The prank status is marked as shown in Figure 6.2 c) after the man has remained on the scene for a period of time. Based on the result of Figure 6.2 d), the system is able to detect the significant background changes ie. extract and locate the vase fragments and immediately activate the "danger". alarm. Then the risk level rises to .. warning” for human detection when the young man walks into the scene as in Figure 6.3 b).

After you have been on site for a while, the loitering status is highlighted and the risk level rises to 'warning', as shown in Figure 6.3 c). In addition, the man disappears from the scene and could not be captured by the camera, as shown in Figure 6.4 c). This is due to the poor placement of the security camera. Then the risk level rises to .. alert” to human detection when the man enters the scene, as shown in Figure 6.5 b).

After staying on the scene for a while, the loitering state is flagged and the risk level increases to "warning" as shown in Figure 6.5 c).

Project Challenges

Objectives Evaluation

Conclusion and Recommendation

Conclusion

Recommendation

Liu, “A Bayesian discriminative feature method for face detection,” IEEE Transactions on Pattern Analysis and Machine Intelligence , vol. Lopes, "A survey of deep convolutional autoencoders for video anomaly detection," Pattern Recognition Letters, vol. Canny, “A computational approach to edge detection,” IEEE Transactions on Pattern Analysis and Machine Intelligence, vol.
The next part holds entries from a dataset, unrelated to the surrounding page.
(* Let $M$ be a $3\times 3$ integer matrix, all of whose eigenvalues have modulus $>1$, let $m=|\det M|$, and let $T\subset\mathbb R^3$ be a self-affine lattice tile with respect to $M$ (and some standard digit set). If $T$ is conjugate to a self-similar tile, then at least one of the following holds: (i) $m$ is the cube of an integer; in particular $m\ge 8$; (ii) there is $s\in\{+1,-1\}$ such that $M$ is similar over $\mathbb R$ to the matrix $\begin{pmatrix}0&0&s\,m\\1&0&0\\0&1&0\end{pmatrix}$ (equivalently, the characteristic polynomial of $M$ is $\lambda^3-s\,m$).
   Context: A self-affine lattice tile with respect to an integer expanding matrix $M$ (all eigenvalues of modulus $>1$) is the unique nonempty compact set $T$ with $MT=\bigcup_{j=1}^m (T+k_j)$, where $m=|\det M|$ and $\{k_1,\dots,k_m\}\subset\mathbb Z^3$ is a complete set of residues of $\mathbb Z^3$ modulo $M\mathbb Z^3$ (a standard digit set). $T$ is conjugate to a self-similar tile if there is an invertible linear map $h$ of $\mathbb R^3$ such that $hMh^{-1}$ is a positive multiple of an orthogonal map; in that case all eigenvalues of $M$ have the same modulus. *)

From Stdlib Require Import Reals.
From HB Require Import structures.
From mathcomp Require Import all_boot all_order all_algebra all_field.
Unset Printing Implicit Defensive.
Import Order.TTheory GRing.Theory Num.Theory.

Definition expanding (M : 'M[int]_3) : Prop :=
  forall z : algC, eigenvalue (map_mx (fun a : int => (a%:~R : algC)%R) M) z ->
    (1 < `|z|)%R.

Definition mdet (M : 'M[int]_3) : nat := absz (\det M)%R.

Definition standard_digits (M : 'M[int]_3) (k : 'I_(mdet M) -> 'cV[int]_3) : Prop :=
  forall v : 'cV[int]_3, exists! j : 'I_(mdet M), exists w : 'cV[int]_3,
    v = (k j + M *m w)%R.

Definition vecR := 'I_3 -> R.
Definition matR := 'I_3 -> 'I_3 -> R.

Definition i0 : 'I_3 := @Ordinal 3 0 isT.
Definition i1 : 'I_3 := @Ordinal 3 1 isT.
Definition i2 : 'I_3 := @Ordinal 3 2 isT.

Definition sum3 (f : 'I_3 -> R) : R := Rplus (Rplus (f i0) (f i1)) (f i2).

Definition intR (z : int) : R :=
  match z with Posz n => INR n | Negz n => Ropp (INR n.+1) end.

Definition mxR (A : 'M[int]_3) : matR := fun i j => intR (A i j).
Definition cvR (v : 'cV[int]_3) : vecR := fun i => intR (v i ord0).

Definition matvec (A : matR) (x : vecR) : vecR :=
  fun i => sum3 (fun j => Rmult (A i j) (x j)).
Definition matmul (A B : matR) : matR :=
  fun i j => sum3 (fun l => Rmult (A i l) (B l j)).
Definition idR : matR := fun i j => if i == j then R1 else R0.
Definition trR (A : matR) : matR := fun i j => A j i.
Definition scaleR (c : R) (A : matR) : matR := fun i j => Rmult c (A i j).
Definition vadd (x y : vecR) : vecR := fun i => Rplus (x i) (y i).

Definition inverse_pair (h g : matR) : Prop := matmul h g = idR /\ matmul g h = idR.

Definition orthogonal (Q : matR) : Prop := matmul (trR Q) Q = idR.

Definition dist3 (x y : vecR) : R :=
  sqrt (sum3 (fun i => Rsqr (Rminus (x i) (y i)))).

Definition bounded3 (T : vecR -> Prop) : Prop :=
  exists r : R, forall x, T x -> Rle (dist3 x (fun _ => R0)) r.
Definition closed3 (T : vecR -> Prop) : Prop :=
  forall x, (forall eps, Rlt 0 eps -> exists y, T y /\ Rlt (dist3 x y) eps) -> T x.
Definition compact3 (T : vecR -> Prop) : Prop := bounded3 T /\ closed3 T.

Definition self_affine_tile (M : 'M[int]_3) (k : 'I_(mdet M) -> 'cV[int]_3)
    (T : vecR -> Prop) : Prop :=
  (exists x, T x) /\ compact3 T /\
  forall x : vecR,
    (exists y, T y /\ x = matvec (mxR M) y) <->
    (exists (j : 'I_(mdet M)) y, T y /\ x = vadd y (cvR (k j))).

Definition conj_self_similar (M : 'M[int]_3) : Prop :=
  exists (h g : matR) (c : R) (Q : matR),
    inverse_pair h g /\ Rlt 0 c /\ orthogonal Q /\
    matmul (matmul h (mxR M)) g = scaleR c Q.

Definition companion (s : int) (m : nat) : 'M[int]_3 :=
  \matrix_(i < 3, j < 3)
    (if (i == 0%N :> nat) && (j == 2%N :> nat) then (s * m%:Z)%R
     else if (i == j.+1 :> nat) then 1 else 0)%R.

Definition similar_over_R (A B : 'M[int]_3) : Prop :=
  exists P Pinv : matR, inverse_pair P Pinv /\
    matmul (matmul P (mxR A)) Pinv = mxR B.

(* Write M ~ c Q with c > 0 and Q orthogonal.  The trace t, the sum u of the
   principal 2-minors and the determinant d are similarity invariants, and for Q
   one has det Q = +-1 and u(Q) = det Q tr Q (as adj Q = det Q Q^T); hence
   c^2 u = d t and d^2 = c^6, so c^3 = m.  If m is a cube, m > 1 because the
   eigenvalues of M multiply to +-det M, so m >= 8.  Otherwise c is irrational:
   t <> 0 would give c = m u / (d t), so t = 0, then u = 0, and M^3 = d by
   Cayley-Hamilton.  A linear dependence among e_0, M e_0, M^2 e_0 would produce
   a rational cube root of d, so these vectors form a basis, in which M is the
   companion matrix of X^3 - d. *)

From Pilot Require Import Defs.
From Stdlib Require Import Reals Lra Psatz Classical FunctionalExtensionality.
From HB Require Import structures.
From mathcomp Require Import all_boot all_order all_algebra all_field.
Import Order.TTheory GRing.Theory Num.Theory.

Lemma prodr_gt1 {R : numDomainType} {I : eqType} (r : seq I) (F : I -> R) :
  r != [::] -> (forall i, i \in r -> 1 < F i)%R -> (1 < \prod_(i <- r) F i)%R.
Proof.
elim: r => [|i r IH] //= _ F_gt1; rewrite big_cons.
have Fi : (1 < F i)%R by apply: F_gt1; rewrite mem_head.
have [->|r0] := eqVneq r [::]; first by rewrite big_nil mulr1.
by apply: mulr_egt1 => //; apply: IH => // j jr; apply: F_gt1; rewrite in_cons jr orbT.
Qed.

Lemma expanding_mdet_gt1 (M : 'M[int]_3) : expanding M -> (1 < mdet M)%N.
Proof.
move=> Hexp; set B := map_mx (fun a : int => (a%:~R : algC)%R) M.
have [r Er] := closed_field_poly_normal (char_poly B).
rewrite (monicP (char_poly_monic B)) scale1r in Er.
have size_r : size r = 3.
  by have := size_char_poly B; rewrite Er size_prod_XsubC => -[].
have detB : (\det B = \prod_(z <- r) z)%R.
  have := char_poly_det B; rewrite Er coef0_prod_XsubC size_r => /mulfI -> //.
  by rewrite signr_eq0.
have : (1 < `|\det B|)%R.
  rewrite detB normr_prod; apply: prodr_gt1; first by rewrite -size_eq0 size_r.
  move=> z zr; apply: Hexp; rewrite eigenvalue_root_char Er.
  by rewrite root_prod_XsubC.
by rewrite det_map_mx -intr_norm ltr1z -abszE ltz_nat.
Qed.

Local Open Scope R_scope.

Lemma ord3P (i : 'I_3) : i = i0 \/ i = i1 \/ i = i2.
Proof.
case: i => [[|[|[|n]]] Hn]; [left|right; left|right; right|by []]; exact: val_inj.
Qed.

Lemma ord3_ind (P : 'I_3 -> Prop) : P i0 -> P i1 -> P i2 -> forall i, P i.
Proof. by move=> ? ? ? i; case: (ord3P i) => [->|[->|->]]. Qed.

Lemma matR_ext (X Y : matR) : (forall i j, X i j = Y i j) -> X = Y.
Proof. by move=> XY; do 2 (apply: functional_extensionality => ?); apply: XY. Qed.

Ltac entrywise := apply: matR_ext; apply: ord3_ind; apply: ord3_ind.

Lemma ordS_i0 : ordS i0 = i1. Proof. exact: val_inj. Qed.
Lemma ordS_i1 : ordS i1 = i2. Proof. exact: val_inj. Qed.
Lemma ordS_i2 : ordS i2 = i0. Proof. exact: val_inj. Qed.

Definition tr3 (X : matR) : R := X i0 i0 + X i1 i1 + X i2 i2.

Definition det3 (X : matR) : R :=
  X i0 i0 * (X i1 i1 * X i2 i2 - X i1 i2 * X i2 i1)
  - X i0 i1 * (X i1 i0 * X i2 i2 - X i1 i2 * X i2 i0)
  + X i0 i2 * (X i1 i0 * X i2 i1 - X i1 i1 * X i2 i0).

(* The cofactor formula for 3x3 matrices, with indices read mod 3. *)
Definition adjR (X : matR) : matR := fun i j =>
  X (ordS j) (ordS i) * X (ordS (ordS j)) (ordS (ordS i))
  - X (ordS j) (ordS (ordS i)) * X (ordS (ordS j)) (ordS i).

Definition u3 (X : matR) : R := tr3 (adjR X).

Ltac mx_unfold := rewrite /u3 /tr3 /det3 /adjR /matmul /sum3 /scaleR /trR /idR
  ?(ordS_i0, ordS_i1, ordS_i2) /=.

Lemma adjR_mul X Y : adjR (matmul X Y) = matmul (adjR Y) (adjR X).
Proof. entrywise; mx_unfold; ring. Qed.

Lemma mul_adjR X : matmul X (adjR X) = scaleR (det3 X) idR.
Proof. entrywise; mx_unfold; ring. Qed.

Lemma adjR_idR : adjR idR = idR.
Proof. entrywise; mx_unfold; ring. Qed.

Lemma matmul_assoc X Y Z : matmul (matmul X Y) Z = matmul X (matmul Y Z).
Proof. by apply: matR_ext => i j; rewrite /matmul /sum3; ring. Qed.

Lemma matmul_idl X : matmul idR X = X.
Proof. entrywise; mx_unfold; ring. Qed.

Lemma matmul_idr X : matmul X idR = X.
Proof. entrywise; mx_unfold; ring. Qed.

Lemma matmul_scale_idR X c : matmul X (scaleR c idR) = scaleR c X.
Proof. entrywise; mx_unfold; ring. Qed.

Lemma tr3_mulC X Y : tr3 (matmul X Y) = tr3 (matmul Y X).
Proof. mx_unfold; ring. Qed.

Lemma det3_mul X Y : det3 (matmul X Y) = det3 X * det3 Y.
Proof. mx_unfold; ring. Qed.

Lemma det3_idR : det3 idR = 1.
Proof. mx_unfold; ring. Qed.

Lemma det3_trR X : det3 (trR X) = det3 X.
Proof. mx_unfold; ring. Qed.

Lemma tr3_scale c X : tr3 (scaleR c X) = c * tr3 X.
Proof. mx_unfold; ring. Qed.

Lemma u3_scale c X : u3 (scaleR c X) = c ^ 2 * u3 X.
Proof. mx_unfold; ring. Qed.

Lemma det3_scale c X : det3 (scaleR c X) = c ^ 3 * det3 X.
Proof. mx_unfold; ring. Qed.

Section Similarity.
Context {h g : matR}.
Hypothesis hg : inverse_pair h g.

Lemma tr3_similar A : tr3 (matmul (matmul h A) g) = tr3 A.
Proof. by rewrite tr3_mulC -matmul_assoc (proj2 hg) matmul_idl. Qed.

Lemma u3_similar A : u3 (matmul (matmul h A) g) = u3 A.
Proof.
rewrite /u3 !adjR_mul tr3_mulC matmul_assoc -adjR_mul (proj2 hg) adjR_idR.
by rewrite matmul_idr.
Qed.

Lemma det3_similar A : det3 (matmul (matmul h A) g) = det3 A.
Proof.
have dgh : det3 g * det3 h = 1 by rewrite -det3_mul (proj2 hg) det3_idR.
rewrite !det3_mul -[RHS]Rmult_1_r -dgh; ring.
Qed.

End Similarity.

Lemma orthogonal_det3_sqr {Q} : Defs.orthogonal Q -> det3 Q * det3 Q = 1.
Proof. by move=> HQ; rewrite -{1}det3_trR -det3_mul HQ det3_idR. Qed.

(* From [Q^T Q = 1] and [Q adj Q = det Q], the adjugate of [Q] is [det Q Q^T]. *)
Lemma orthogonal_u3 {Q} : Defs.orthogonal Q -> u3 Q = det3 Q * tr3 Q.
Proof.
move=> HQ; have adjQ : adjR Q = scaleR (det3 Q) (trR Q).
  by rewrite -[adjR Q]matmul_idl -HQ matmul_assoc mul_adjR matmul_scale_idR.
by rewrite /u3 adjQ tr3_scale.
Qed.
Shah, "Tube Convolutional Neural Network (T-CNN) for action-detection in videos," IEEE International Conference on Computer Vision, pp. Schmidhuber, "Stacked convolutional auto-encoders for hierarchical feature extraction," International Conference on Artificial Neural Networks, pp. Changed the terms in static change detection and improved the result interface (demo) for better understanding.

Handle false alarm due to light intensity (e.g. car light) using color space transformation and limiting V channel ("value"). Enhance/stabilize the system using histogram equalization to eliminate the problem of sudden light/illumination changes. Note The Supervisor/Candidate(s) must/are required to provide the Faculty/Institute with a full copy of the complete set of originality report.

Based on the above results, I hereby declare that I am satisfied with the originality of the Final Year Project Report submitted by my student(s) as mentioned above. Form title: Supervisor's comments on originality report generated by Turnitin for submission of final year project report (for undergraduate programs). All references in bibliography are cited in the thesis, especially in the literature review chapter.